Cloud solutions can also reduce treasury-related risks in a number of ways. For one thing, the risk of obsolescence is eliminated: unlike installed software, cloud solutions do not need to be replaced every few years. For another, data is held at a secure location, reducing employee-related risks and shifting IT’s role from one of hosting to one of evaluation.
In addition, cloud solutions offer the following advantages over solutions hosted on the company’s premises:
- Business continuity. Cloud-based treasury systems can be accessed away from the office, providing invaluable business continuity benefits if the office cannot be accessed for any reason.
- Fast implementation. Cloud treasury systems can be implemented much faster than onpremises solutions.
- Standardized workflows. Workflows can be standardized across different countries and regions.

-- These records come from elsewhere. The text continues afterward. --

(* Let $(A,\rhd,\lhd,\succ,\prec)$ be a finite-dimensional pre-dual pre-Poisson algebra with sub-adjacent dual pre-Poisson algebra $(A,\circ,[\cdot,\cdot])$, where $x\circ y=x\rhd y+x\lhd y$ and $[x,y]=x\succ y+x\prec y$. Let $\{e_1,\dots,e_n\}$ be a basis of $A$ and $\{e_1^*,\dots,e_n^*\}$ its dual basis. Let $\hat A=A\oplus A^*$ with operations $$(x+a^* )\circ(y+b^* )=x\circ y-L_{\rhd}^*(x)b^*+(-L_{\rhd}^*+R_{\lhd}^* )(y)a^*,$$ $$[x+a^*,y+b^*]=[x,y]+L_{\succ}^*(x)b^*-(L_{\succ}^*+R_{\prec}^* )(y)a^*,$$ for $x,y\in A$, $a^*,b^*\in A^*$ (this is a dual pre-Poisson algebra). Then $r=\sum_{i=1}^n(e_i\otimes e_i^*+e_i^*\otimes e_i)$ is a symmetric solution of the permutative-Leibniz Yang–Baxter equation in $\hat A$.
   Context: Field $\mathbb{F}$ of characteristic $0$. For a bilinear operation $\diamond$, $L_\diamond(x)y=x\diamond y$, $R_\diamond(x)y=y\diamond x$; for $f:A\to\mathrm{End}(V)$ the dual $f^*:A\to\mathrm{End}(V^* )$ is $\langle f^*(x)v^*,u\rangle=-\langle v^*,f(x)u\rangle$. A pre-dual pre-Poisson algebra is a vector space $A$ with bilinear operations $\rhd,\lhd,\succ,\prec$ such that for all $x,y,z$: $x\lhd(y\lhd z+y\rhd z)=(x\lhd y)\lhd z=(y\rhd x)\lhd z=y\rhd(x\lhd z)$; $x\rhd(y\rhd z)=(x\lhd y+x\rhd y)\rhd z=(y\lhd x+y\rhd x)\rhd z$; $(x\prec y+x\succ y)\succ z=x\succ(y\succ z)-y\succ(x\succ z)$; $(x\succ y)\prec z=-(y\prec x)\prec z$; $x\prec(y\prec z+y\succ z)=(x\prec y)\prec z+y\succ(x\prec z)$; $x\prec(y\rhd z+y\lhd z)=(x\prec y)\lhd z+y\rhd(x\prec z)$; $x\succ(y\lhd z)=(x\succ y)\lhd z+y\lhd(x\succ z+x\prec z)$; $x\succ(y\rhd z)=(x\succ y+x\prec y)\rhd z+y\rhd(x\succ z)$; $(x\lhd y)\prec z=x\lhd(y\succ z+y\prec z)+y\rhd(x\prec z)$; $(x\rhd y+x\lhd y)\succ z=x\rhd(y\succ z)+y\rhd(x\succ z)$; $(x\rhd y-y\lhd x)\prec z=0$; $(x\succ y+y\prec x)\lhd z=0$; $(x\succ y+x\prec y+y\succ x+y\prec x)\rhd z=0$. A dual pre-Poisson algebra $(B,\circ,[\cdot,\cdot])$: $x\circ(y\circ z)=(x\circ y)\circ z=(y\circ x)\circ z$; $[x,[y,z]]=[[x,y],z]+[y,[x,z]]$; $[x,y\circ z]=[x,y]\circ z+y\circ[x,z]$; $[x\circ y,z]=x\circ[y,z]+y\circ[x,z]$; $[x,y]\circ z=-[y,x]\circ z$. PLYBE in a dual pre-Poisson algebra $B$: with $x\blacksquare y=x\circ y-y\circ x$, $x\square y=[x,y]+[y,x]$ and $r=\sum_i a_i\otimes b_i\in B\otimes B$, set $\mathbf{P}(r)=\sum_{i,j}\big(a_i\otimes a_j\otimes b_i\circ b_j-a_i\otimes b_i\circ a_j\otimes b_j+a_i\blacksquare a_j\otimes b_j\otimes b_i\big)$ and $\mathbf{L}(r)=\sum_{i,j}\big(a_i\otimes a_j\otimes[b_i,b_j]+a_i\otimes[b_i,a_j]\otimes b_j-a_i\square a_j\otimes b_i\otimes b_j\big)$; $r$ is a solution if $\mathbf{P}(r)=\mathbf{L}(r)=0$. Symmetric means invariant under the flip $u\otimes v\mapsto v\otimes u$. *)

(* Coordinates: a finite-dimensional space of dimension m over F
   is 'rV[F]_m; tensors in V(x)V(x)V are given by their coordinate arrays. *)
From HB Require Import structures.
From mathcomp Require Import all_boot all_order all_algebra.
Set Implicit Arguments. Unset Strict Implicit. Unset Printing Implicit Defensive.
Import Order.TTheory GRing.Theory Num.Theory.
Local Open Scope ring_scope.

Section Defs.
Variable F : fieldType.

Definition bilinear_op (m : nat) (f : 'rV[F]_m -> 'rV[F]_m -> 'rV[F]_m) : Prop :=
  (forall (c : F) x y z, f (c *: x + y) z = c *: f x z + f y z) /\
  (forall (c : F) x y z, f z (c *: x + y) = c *: f z x + f z y).

Definition pre_dual_pre_Poisson (n : nat)
  (rhd lhd succ prec : 'rV[F]_n -> 'rV[F]_n -> 'rV[F]_n) : Prop :=
  [/\ bilinear_op rhd, bilinear_op lhd, bilinear_op succ, bilinear_op prec &
  forall x y z,
  (lhd x (lhd y z + rhd y z) = lhd (lhd x y) z
      /\ lhd (lhd x y) z = lhd (rhd y x) z
      /\ lhd (rhd y x) z = rhd y (lhd x z)) /\
      (rhd x (rhd y z) = rhd (lhd x y + rhd x y) z
      /\ rhd (lhd x y + rhd x y) z = rhd (lhd y x + rhd y x) z) /\
      (succ (prec x y + succ x y) z = succ x (succ y z) - succ y (succ x z)) /\
      (prec (succ x y) z = - prec (prec y x) z) /\
      (prec x (prec y z + succ y z) = prec (prec x y) z + succ y (prec x z)) /\
      (prec x (rhd y z + lhd y z) = lhd (prec x y) z + rhd y (prec x z)) /\
      (succ x (lhd y z) = lhd (succ x y) z + lhd y (succ x z + prec x z)) /\
      (succ x (rhd y z) = rhd (succ x y + prec x y) z + rhd y (succ x z)) /\
      (prec (lhd x y) z = lhd x (succ y z + prec y z) + rhd y (prec x z)) /\
      (succ (rhd x y + lhd x y) z = rhd x (succ y z) + rhd y (succ x z)) /\
      (prec (rhd x y - lhd y x) z = 0) /\
      (lhd (succ x y + prec y x) z = 0) /\
      (rhd (succ x y + prec x y + succ y x + prec y x) z = 0)].

(* natural pairing between A^* = 'rV_n and A = 'rV_n *)
Definition pairing (n : nat) (a x : 'rV[F]_n) : F := \sum_(j < n) a 0 j * x 0 j.

Definition stdv (n : nat) (j : 'I_n) : 'rV[F]_n := delta_mx 0 j.

(* dual map of L_op: <L^*(x) a, u> = - <a, x op u> *)
Definition Ldual (n : nat) (op : 'rV[F]_n -> 'rV[F]_n -> 'rV[F]_n) (x a : 'rV[F]_n)
  : 'rV[F]_n := \row_j (- pairing a (op x (stdv j))).
(* dual map of R_op: <R^*(x) a, u> = - <a, u op x> *)
Definition Rdual (n : nat) (op : 'rV[F]_n -> 'rV[F]_n -> 'rV[F]_n) (x a : 'rV[F]_n)
  : 'rV[F]_n := \row_j (- pairing a (op (stdv j) x)).

(* hat A = A (+) A^*, an element x + a^* is row_mx x a *)
Definition inA (n : nat) (x : 'rV[F]_n) : 'rV[F]_(n + n) := row_mx x 0.
Definition inAs (n : nat) (a : 'rV[F]_n) : 'rV[F]_(n + n) := row_mx 0 a.

Definition hat_circ (n : nat) (rhd lhd : 'rV[F]_n -> 'rV[F]_n -> 'rV[F]_n)
  (u v : 'rV[F]_(n + n)) : 'rV[F]_(n + n) :=
  let x := lsubmx u in let a := rsubmx u in
  let y := lsubmx v in let b := rsubmx v in
  row_mx (rhd x y + lhd x y)
         (- Ldual rhd x b + (- Ldual rhd y a + Rdual lhd y a)).

Definition hat_br (n : nat) (succ prec : 'rV[F]_n -> 'rV[F]_n -> 'rV[F]_n)
  (u v : 'rV[F]_(n + n)) : 'rV[F]_(n + n) :=
  let x := lsubmx u in let a := rsubmx u in
  let y := lsubmx v in let b := rsubmx v in
  row_mx (succ x y + prec x y)
         (Ldual succ x b - (Ldual succ y a + Rdual prec y a)).

Definition tens3 (m : nat) (u v w : 'rV[F]_m) (p q s : 'I_m) : F :=
  u 0 p * v 0 q * w 0 s.

(* P(r) and L(r) for r = sum_(i in I) a i (x) b i, as coordinate arrays *)
Definition PLYBE_P (m : nat) (I : finType) (circ : 'rV[F]_m -> 'rV[F]_m -> 'rV[F]_m)
  (a b : I -> 'rV[F]_m) (p q s : 'I_m) : F :=
  \sum_(i : I) \sum_(j : I)
    (tens3 (a i) (a j) (circ (b i) (b j)) p q s
     - tens3 (a i) (circ (b i) (a j)) (b j) p q s
     + tens3 (circ (a i) (a j) - circ (a j) (a i)) (b j) (b i) p q s).

Definition PLYBE_L (m : nat) (I : finType) (br : 'rV[F]_m -> 'rV[F]_m -> 'rV[F]_m)
  (a b : I -> 'rV[F]_m) (p q s : 'I_m) : F :=
  \sum_(i : I) \sum_(j : I)
    (tens3 (a i) (a j) (br (b i) (b j)) p q s
     + tens3 (a i) (br (b i) (a j)) (b j) p q s
     - tens3 (br (a i) (a j) + br (a j) (a i)) (b i) (b j) p q s).

Definition is_PLYBE_solution (m : nat) (I : finType)
  (circ br : 'rV[F]_m -> 'rV[F]_m -> 'rV[F]_m) (a b : I -> 'rV[F]_m) : Prop :=
  forall p q s, PLYBE_P circ a b p q s = 0 /\ PLYBE_L br a b p q s = 0.

Definition tensor_symmetric (m : nat) (I : finType) (a b : I -> 'rV[F]_m) : Prop :=
  forall p q : 'I_m, \sum_(i : I) a i 0 p * b i 0 q = \sum_(i : I) b i 0 p * a i 0 q.

(* the family defining r = sum_i (e_i (x) e_i^* + e_i^* (x) e_i) *)
Definition r_left (n : nat) (E D : 'M[F]_n) (k : 'I_n + 'I_n) : 'rV[F]_(n + n) :=
  match k with inl i => inA (row i E) | inr i => inAs (row i D) end.
Definition r_right (n : nat) (E D : 'M[F]_n) (k : 'I_n + 'I_n) : 'rV[F]_(n + n) :=
  match k with inl i => inAs (row i D) | inr i => inA (row i E) end.

End Defs.

From HB Require Import structures.
From mathcomp Require Import all_boot all_order all_algebra.
From mathcomp Require Import ring.
Import GRing.Theory.
Local Open Scope ring_scope.
Set Implicit Arguments. Unset Strict Implicit. Unset Printing Implicit Defensive.

(* The coordinate tensor of r is the permutation matrix of the involution
   P |-> P' of the basis of A (+) A^* exchanging e_i and e_i^*.  Since P(r) and
   L(r) are built from multilinear expressions in the two legs of r, they only
   depend on that tensor, and their (P, Q, S) coordinate collapses to a
   three-term expression in products of swapped basis vectors, e.g.
   (e_P' o e_Q')_S - (e_P' o e_S')_Q + (e_S' o e_Q' - e_Q' o e_S')_P for P(r).
   By the very definition of the dual maps L^* and R^*, each such coordinate is
   a cancelling combination of structure constants of the four operations.
   Hence only their bilinearity is used: neither the pre-dual pre-Poisson
   identities, nor the characteristic, nor the invertibility of E matter. *)

Section Bilinear.
Variables (F : fieldType) (m : nat) (op : 'rV[F]_m -> 'rV[F]_m -> 'rV[F]_m).
Hypothesis op_bilinear : bilinear_op op.

Lemma bilinear_op0l y : op 0 y = 0.
Proof. by have := op_bilinear.1 (-1) 0 0 y; rewrite !scaleN1r oppr0 addr0 addNr. Qed.

Lemma bilinear_op0r x : op x 0 = 0.
Proof. by have := op_bilinear.2 (-1) 0 0 x; rewrite !scaleN1r oppr0 addr0 addNr. Qed.

End Bilinear.

Section CoordinateSums.
Variables (F : fieldType) (m : nat).
Local Notation V := 'rV[F]_m.
Local Notation e := (@stdv F m).

Lemma stdvE (i j : 'I_m) : e i 0 j = (i == j)%:R.
Proof. by rewrite /stdv mxE eqxx eq_sym. Qed.

Lemma sum_delta_l (f : 'I_m -> F) j : \sum_i (i == j)%:R * f i = f j.
Proof. by rewrite (bigD1 j) //= eqxx mul1r big1 ?addr0 // => i /negbTE ->; rewrite mul0r. Qed.

Lemma sum2_delta (f : 'I_m -> 'I_m -> F) P Q :
  \sum_p \sum_q (p == P)%:R * ((q == Q)%:R * f p q) = f P Q.
Proof. by under eq_bigr do rewrite -mulr_sumr sum_delta_l; rewrite sum_delta_l. Qed.

Lemma scalar_row_expand (f : V -> F) : scalar f -> forall x, f x = \sum_p x 0 p * f (e p).
Proof.
move=> lin_f x; have f0 : f 0 = 0.
  by have := lin_f (-1) 0 0; rewrite scaleN1r oppr0 addr0 mulN1r addNr.
rewrite {1}(row_sum_delta x); elim/big_rec2: _ => [|p y1 y2 _ <-]; first exact: f0.
exact: lin_f.
Qed.

Section PermutationTensor.
Variables (I : finType) (a b : I -> V) (s : 'I_m -> 'I_m).
Hypothesis tensor_ab : forall p q, \sum_i a i 0 p * b i 0 q = (q == s p)%:R.

Lemma sum_bilinear_perm (H : V -> V -> F) :
  (forall y, scalar (H^~ y)) -> (forall x, scalar (H x)) ->
  \sum_i H (a i) (b i) = \sum_p H (e p) (e (s p)).
Proof.
move=> linl linr.
have expand x y : H x y = \sum_p \sum_q x 0 p * y 0 q * H (e p) (e q).
  rewrite [LHS](scalar_row_expand (linl y)); apply: eq_bigr => p _.
  rewrite [H _ y](scalar_row_expand (linr (e p))) mulr_sumr.
  by apply: eq_bigr => q _; rewrite mulrA.
under eq_bigr do rewrite expand.
rewrite exchange_big; apply: eq_bigr => p _; rewrite exchange_big /=.
under eq_bigr do rewrite -mulr_suml tensor_ab.
exact: sum_delta_l.
Qed.

Lemma sum2_multilinear_perm (G : V -> V -> V -> V -> F) :
  (forall y z w, scalar (fun x => G x y z w)) ->
  (forall x z w, scalar (fun y => G x y z w)) ->
  (forall x y w, scalar (fun z => G x y z w)) ->
  (forall x y z, scalar (G x y z)) ->
  \sum_i \sum_j G (a i) (b i) (a j) (b j) = \sum_p \sum_q G (e p) (e (s p)) (e q) (e (s q)).
Proof.
move=> lin1 lin2 lin3 lin4.
under eq_bigr => i _ do rewrite (sum_bilinear_perm (H := G (a i) (b i))) //.
rewrite exchange_big [RHS]exchange_big; apply: eq_bigr => q _.
exact: (sum_bilinear_perm (H := fun x y => G x y (e q) (e (s q)))).
Qed.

- Scalability. Cloud-based systems can be rolled out to additional locations as the business expands.
- Easy updates. Cloud providers can update features and functionalities quickly and frequently, without the need for treasury involvement and without incurring additional costs.
2. Achieving Consistency with Payment Factories
Payments – and the centralization of payments across the organization – is another focal point for modern treasurers seeking a competitive advantage. Without centralization, a company’s payment processes tend to be fragmented and inconsistent. Manual processes are associated with a higher risk of error and fraud, while the need to support multiple different systems can lead to higher costs and greater inefficiency.
Payment centralization, which can be achieved using structures such as payment factories, can be used effectively as a means of standardizing companies’ payments processes. This can result in a number of benefits, including greater visibility over outgoing cash flows, streamlined banking relationships and improved control over the timing of payments. Risks can be reduced by adopting automated workflows and predefined approval limits. Concentrating payment flows on a single banking channel can also lead to lower transaction costs.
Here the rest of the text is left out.